Вот этот-то крик души: «Не изменяй!», повторяющийся, униженный и безнадёжный, эта рабская готовность мужчины снести всё, чтобы сохранить Сюзи, – и оскорбительное веселье рыжеволосой красотки, что склонилась над письмом, касаясь щекой усов Рено… и положили конец франкской идиллии – сама я не видела этой сцены, но она живёт в моих воспоминаниях, и я дрожу над ней, как над изображением божества, как над фетишем, доказавшим свою силу…
– Анни, если и дальше погода будет портиться, лучше, наверное, перековать Полисона, чтобы не скользил. У него и так передние копыта не слишком, а если подморозит, он вообще во вторник не довезёт Рено с вокзала.

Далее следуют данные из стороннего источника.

(* A single chain of transfers [n j.+1 -> n j] would break [cut]; two passes
   over disjoint pairs do not. *)
Lemma transfer_chain (n : nat -> nat) (T lam : nat -> R) (f : nat -> V) :
  (forall j, (n j < n j.+1)%N) -> diag_frame lam f -> (forall j, 0 <= T j) ->
  (forall j, lam (n j) + T j <= lam (n j.+1)) ->
  exists dl g, [/\ diag_frame dl g, span_equiv f g,
    forall i, (forall j, n j != i) -> dl i = lam i
  & forall j, dl (n j) = lam (n j) + T j - (if j is j'.+1 then T j' else 0)].
Proof.
move=> n_incr f_frame T_ge0 T_room.
have [dlA [gA [A_frame f_A A_up A_down A_off]]] :=
  transfer_pairs (tau := fun t => T (2 * t)%N) n_incr f_frame (fun t => T_ge0 _) (fun t => T_room _).
have two_succ t : (2 * t).+2 = (2 * t.+1)%N by lia.
have room t : dlA (n (2 * t).+1) + T (2 * t).+1 <= dlA (n (2 * t).+2).
  rewrite A_down two_succ A_up -two_succ.
  by have := T_room (2 * t).+1; have := T_ge0 (2 * t); have := T_ge0 (2 * t).+2; lra.
have [dlB [gB [B_frame A_B B_up B_down B_off]]] :=
  transfer_pairs (m := fun j => n j.+1) (tau := fun t => T (2 * t).+1)
    (fun j => n_incr j.+1) A_frame (fun t => T_ge0 _) room.
rewrite /= in B_up B_down B_off.
have n_inj : injective n := incn_inj (incr_leq_mono n_incr).
exists dlB, gB; split=> // [|i off|[|j]].
- exact: span_equiv_trans f_A A_B.
- by rewrite B_off ?A_off // => j; apply: off.
- rewrite B_off; last by move=> j; rewrite (inj_eq n_inj).
  by have := A_up 0; rewrite muln0 => ->; rewrite subr0.
have [t [-> | ->]] := even_or_odd j.
  by rewrite B_up A_down; ring.
by rewrite B_down two_succ A_up; ring.
Qed.

Section Spreading.
Variables (d lam dl : nat -> R) (n : nat -> nat) (g : nat -> V).
Hypothesis n_incr : forall j, (n j < n j.+1)%N.
Hypothesis d_mono : nondecreasing_seq d.
Hypothesis lam_le_d : forall i, lam i <= d i.
Hypothesis g_frame : diag_frame dl g.
Hypothesis dl_off : forall i, (forall j, n j != i) -> dl i = lam i.
Hypothesis dl_on : forall j,
  dl (n j) = lam (n j) + excess d lam (n j).+1 - excess d lam (block_start n j).

Let Q t := n (block n_incr t).
Let spread t := run id Q d dl g t.

Let P_ge t : (t <= id t)%N. Proof. exact: leqnn. Qed.
Let Q_ge t : (t <= Q t)%N. Proof. exact: leq_n_block. Qed.

Let spread_self t : t != Q t -> (spread t).1 t = lam t.
Proof.
move=> t_end; have off := notin_range t_end.
rewrite (run_untouched d dl g (leq0n t) _).1 /=; first exact: dl_off.
by move=> s _ st; split; [apply/eqP; rewrite /=; lia|rewrite eq_sym; apply: off].
Qed.

(* When step [t] starts, the block end [Q t] has already handed [d s - lam s]
   to every earlier index [s] of its block. *)
Let spread_invariant t :
  (spread t).1 (Q t) = lam (Q t) + excess d lam (Q t).+1 - excess d lam t.
Proof.
elim: t => [|t IH].
  have b0 : block n_incr 0 = 0%N by apply/eqP; rewrite -leqn0 block_leq.
  by rewrite /spread /= /Q b0 dl_on.
have [t_end|t_in] := eqVneq t (Q t); last first.
  rewrite /Q block_succ // -/(Q t) /spread run_diag_Q // -/(spread t) IH spread_self //.
  by rewrite (excessS d lam t); ring.
have b1 : block n_incr t.+1 = (block n_incr t).+1 by rewrite {1}t_end /Q block_succ_n.
rewrite /Q b1 (run_untouched d dl g (leq0n _) _).1 /= ?dl_on /= -/(Q t) -?t_end // => s _ st.
have below u : (u <= t)%N -> n (block n_incr t).+1 != u.
  by move=> ut; rewrite neq_ltn (leq_ltn_trans ut) ?orbT // {1}t_end n_incr.
split; apply: below; first by [].
by rewrite {1}t_end /Q (incr_leq_mono n_incr) block_leq -/(Q t) -t_end.
Qed.

Let spread_between t : id t != Q t -> (spread t).1 (id t) <= d t <= (spread t).1 (Q t).
Proof.
move=> t_end; rewrite /= spread_self // spread_invariant lam_le_d excessS /=.
by have := d_mono (Q_ge t); have := excess_mono lam_le_d (Q_ge t); lra.
Qed.

Let spread_cut k : exists2 M, (k < M)%N & forall t, (id t < M)%N = (Q t < M)%N.
Proof.
exists (Q k).+1; first by rewrite ltnS Q_ge.
by move=> t; rewrite /Q /= !ltnS -block_leq (incr_leq_mono n_incr).
Qed.

Lemma spread_blocks : exists2 e, diag_frame d e & span_equiv g e.
Proof.
exists (limit_frame id Q d dl g); last exact: limit_span_equiv.
apply: (eq_diag_frame _ (limit_diag_frame g_frame spread_between P_ge Q_ge)) => i.
have [i_end|i_in] := eqVneq i (Q i); last exact: run_diag_P.
rewrite /limit_diag run_idle //; have := spread_invariant i; rewrite -i_end excessS => ->.
ring.
Qed.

Анни сидит, сложа руки, взгляд пустой и безразличный – он то трогает меня, то злит. Не сказать, чтобы она ликовала! Но я же только что сказала: во вторник приезжает Рено! Мне хочется закричать, вдолбить эти три слова в её голову с узким личиком…
– Ну так как же, Анни?
Она пожимает плечами, переводит на меня потерянный взгляд синих глаз:
– Да не знаю. Какая мне разница, перекуют Полисона или нет? Вот уже несколько недель я благодаря вам избавлена от необходимости думать о доме, хозяйстве, о меню к обеду и ужину… Всё перешло вместе с Казаменой к вам: дом, парк, заботы владельца, всё… Вот и занимайтесь.
– Вы правы, Анни.
Я сама поражаюсь собственной снисходительной мягкости! Хозяин приезжает… И шея сама тянется к просторному ошейнику, к воображаемому ремешку, который и расстёгивать-то не надо, захоти я удрать… Но я не хочу. Пока я сказала только: «Вы правы». А скоро буду говорить: «Как вам угодно, Рено… пожалуйста… Да… Позвольте мне…» Пора воспитанным ласковым выражениям вернуться в мой лексикон, заменить в нём повелительные интонации, которыми я бичую безвольную Анни, уклончивого Марселя…
Тот так и бродит за мной по пятам, больной от безделья, встревоженный возвращением отца. Он теперь прячется от восточного ветра, который на прошлой неделе обжёг его нежные ушки…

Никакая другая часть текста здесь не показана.